Many previous studies have shown decreased bone mineral density (BMD) in patients with endogenous hypercortisolism, although data on the severity of bone disease are contradictory. There are very sparse data about the correlations between plasma cortisol concentrations and BMD.
The study included 188 patients with clinically inactive adrenal adenomas (IAA) and 30 patients with ACTH-independent Cushings syndrome (CS) due to adrenocortical adenomas. All patients underwent a detailed hormonal evaluation including measurements of plasma cortisol at 08 and 24 h, as well as low-dose dexamethasone testing (LDDT). BMD was measured by DEXA at the lumbar spine (LS), left femoral neck (FN), as well as at the total proximal femur (TF).
ROC analysis performed for plasma cortisol at 24 h and after LDDT in patients with IAA and CS indicated that the optimal cut-off value which discriminated between IAA and CS was 6.0 μg/dl for midnight plasma cortisol and 3.6 μg/dl for LDDT. Among patients with IAA, a subgroup of patients without overt CS had plasma cortisol levels >6.0 μg/dl at 24 h and >3.6 μg/dl after LDDT, and these patients were considered as having subclinical hypercortisolism (SH, n=9, 4.8% of total).

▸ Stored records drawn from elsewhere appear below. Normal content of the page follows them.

Lemma hdim_uv_annihilator_leq j k : (j <= d)%N -> uv_annihilator j ->
  hdim f j k -> (k <= d.+1)%N.
Proof.
move=> le_jd [phi [uv_phi hphi phi_nz] phi_p] [b [hb free _]].
have [a0 phi_a0] : exists a0 : 'I_j.+1, phi@_(uvmono j a0) != 0.
  apply/existsP; apply: contraNT phi_nz => /existsPn phi0.
  rewrite (uvpoly_span uv_phi hphi) big1 // => a _.
  by move: (phi0 a); rewrite negbK => /eqP ->; rewrite scale0r.
suff : (k <= (d - j).+1 + j)%N by lia.
apply: (@free_span2_leq _ _ _ _ _ (fun r => act (b r) f)
  (fun a : 'I_(d - j).+1 => 'X_[uvmono (d - j) a])
  (fun r : 'I_j => act 'X_[uvmono j (lift a0 r)] f)).
  move=> c hc; apply: free.
  by rewrite /annih act_suml -[RHS]hc; apply: eq_bigr => r _; rewrite actZl.
move=> r; have [c [e uv_b]] := @span_exchange _ P j (fun a => 'X_[uvmono j a])
  (fun a => phi@_(uvmono j a)) (fun a => (uvpart (b r))@_(uvmono j a)) a0 phi_a0.
rewrite -(uvpoly_span uv_phi hphi) in uv_b.
rewrite -(uvpoly_span (pihomogP _ _ _) (uvpart_homog (hb r))) in uv_b.
pose B := act (b r - uvpart (b r)) f + c *: act phi g.
have [uv_B h_B] : B \is uvpoly /\ B \is (d - j)%N.-homog.
  have [h1 h2] := act_sub_uvpart_f (hb r).
  have [h3 h4] := act_uvpoly_homog hphi g_uv g_homog.
  by split; apply: rpredD => //; apply: rpredZ.
exists (fun a => B@_(uvmono (d - j) a)), e; rewrite -(uvpoly_span uv_B h_B).
rewrite -{1}(subrK (uvpart (b r)) (b r)) actDl {2}uv_b [act (c *: _ + _) _]actDl actZl.
rewrite (act_uvpoly_f uv_phi phi_p) act_suml addrA; congr (_ + _).
by apply: eq_bigr => r0 _; rewrite actZl.
Qed.

Lemma mul_surj_uv_annihilator l i : l \is 1.-homog -> mul_surj f l i ->
  uv_annihilator i.+1.
Proof.
move=> hl l_surj.
pose al := (uvpart l)@_(uvmono 1 1); pose be := (uvpart l)@_(uvmono 1 0).
have uv_l : uvpart l = be *: 'X_[uvmono 1 0] + al *: 'X_[uvmono 1 1].
  rewrite {1}(uvpoly_span (pihomogP _ _ _) (uvpart_homog hl)).
  by rewrite !big_ord_recr big_ord0 /= add0r.
have [u0 [v0 [root nz]]] := linear_form_root al be.
have [a [le_a eta_nz]] : exists a, (a <= i.+1)%N /\ u0 ^+ a * v0 ^+ (i.+1 - a) != 0.
  case/orP: nz => [u_nz|v_nz]; [exists i.+1 | exists 0%N];
    by rewrite ?subnn ?subn0 expr0 ?mulr1 ?mul1r expf_neq0.
pose eta : P := 'X_[uvmono i.+1 a].
have uv_eta : eta \is uvpoly by rewrite dhomogX /= xdeg_uvmono.
have h_eta : eta \is i.+1.-homog by rewrite dhomogX /= mdeg_uvmono.
have [theta [h_theta ann]] := l_surj eta h_eta.
exists (eta - uvpart l * uvpart theta).
  split.
  - apply: rpredB uv_eta _.
    by have := dhomogM (pihomogP _ 0 l) (pihomogP _ 0 theta); rewrite addn0.
  - apply: rpredB h_eta _.
    by have := dhomogM (uvpart_homog hl) (uvpart_homog h_theta); rewrite add1n.
  - apply: contraNneq eta_nz => /(congr1 (meval (uvpoint u0 v0)))/eqP.
    rewrite mevalB mevalM uv_l mevalD !mevalZ !meval_uvmono !expr0 !expr1 !mulr1 !mul1r.
    by rewrite root mul0r subr0 raddf0.
move=> s; have -> : eta - uvpart l * uvpart theta = uvpart (eta - l * theta).
  by rewrite raddfB /= (pihomog0M _ l theta) (pihomog_dE uv_eta).
by rewrite act_uvpart // -act_xmul_f act_mul ann raddf0.
Qed.

End PerazzoForm.

Theorem proposition4p5 (K : closedFieldType) (Kchar0 : [pchar K] =i pred0)
  (n d : nat) (f : {mpoly K[n.+3]}) :
  (2 <= n)%N -> (n.+1 <= d)%N ->
  perazzo_form d f -> has_WLP f ->
  forall i j : nat, hdim f i (d + 2) -> hdim f j (d + 2) -> i = j.
Proof.
move=> _ lt_nd [p [g [hp [g_Kuv g_homog] _ _ ->]]] [l [hl wlp]].
have p_uv i := in_Kuv_uvpoly (hp i).1.
have p_homog i := (hp i).2.
have g_uv := in_Kuv_uvpoly g_Kuv.
have d_gt0 : (0 < d)%N by lia.
set F := \sum_(i < n.+1) _ + g.
suff no_lt i j : (i < j)%N -> hdim F i (d + 2) -> hdim F j (d + 2) -> False.
  move=> i j hi hj; case: (ltngtP i j) => // lt_ij.
    by case: (no_lt i j).
  by case: (no_lt j i).
move=> lt_ij hi hj.
have le_jd : (j <= d)%N.
  by case: leqP => // lt_dj; have := hdim_eq0 p_homog g_homog d_gt0 lt_dj hj; lia.
case: (wlp i) => [l_inj | l_surj].
  have lt_id := leq_trans lt_ij le_jd.
  by have := hdim_mul_inj_leq p_uv p_homog g_uv g_homog d_gt0 lt_id hl l_inj hi; lia.
have ann_j := uv_annihilator_leq lt_ij (mul_surj_uv_annihilator p_uv g_uv hl l_surj).
by have := hdim_uv_annihilator_leq p_uv p_homog g_uv g_homog d_gt0 le_jd ann_j hj; lia.
Qed.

Patients with IAA had normal BMD at LS, FN and TF. Patients with SH had significantly lower (P<0.01) z-scores at FN (−0.57±0.81 vs. +0.27±1.00) and at TF (−0.48±1.43 vs 0.29±1.03) but not at LS compared to IAA patients without SH. Patients with CS had decreased BMD (P<0.01) at all region (−0.90±1.07 at LS; −0.43±1.07 at FN and −0.38±1.01 at TF) compared to those with IAA. Significant negative correlations were found between plasma cortisol concentrations at 08 h, 24 h as well as after LDDT and BMD z-scores at FN and at TF but not at the LS in the combined group of patients with IAA and CS.
These results indicate that even mild forms of endogenous hypercortisolism lead to decreased BMD at TF. Plasma cortisol concentrations are not directly correlated with BMD at LS.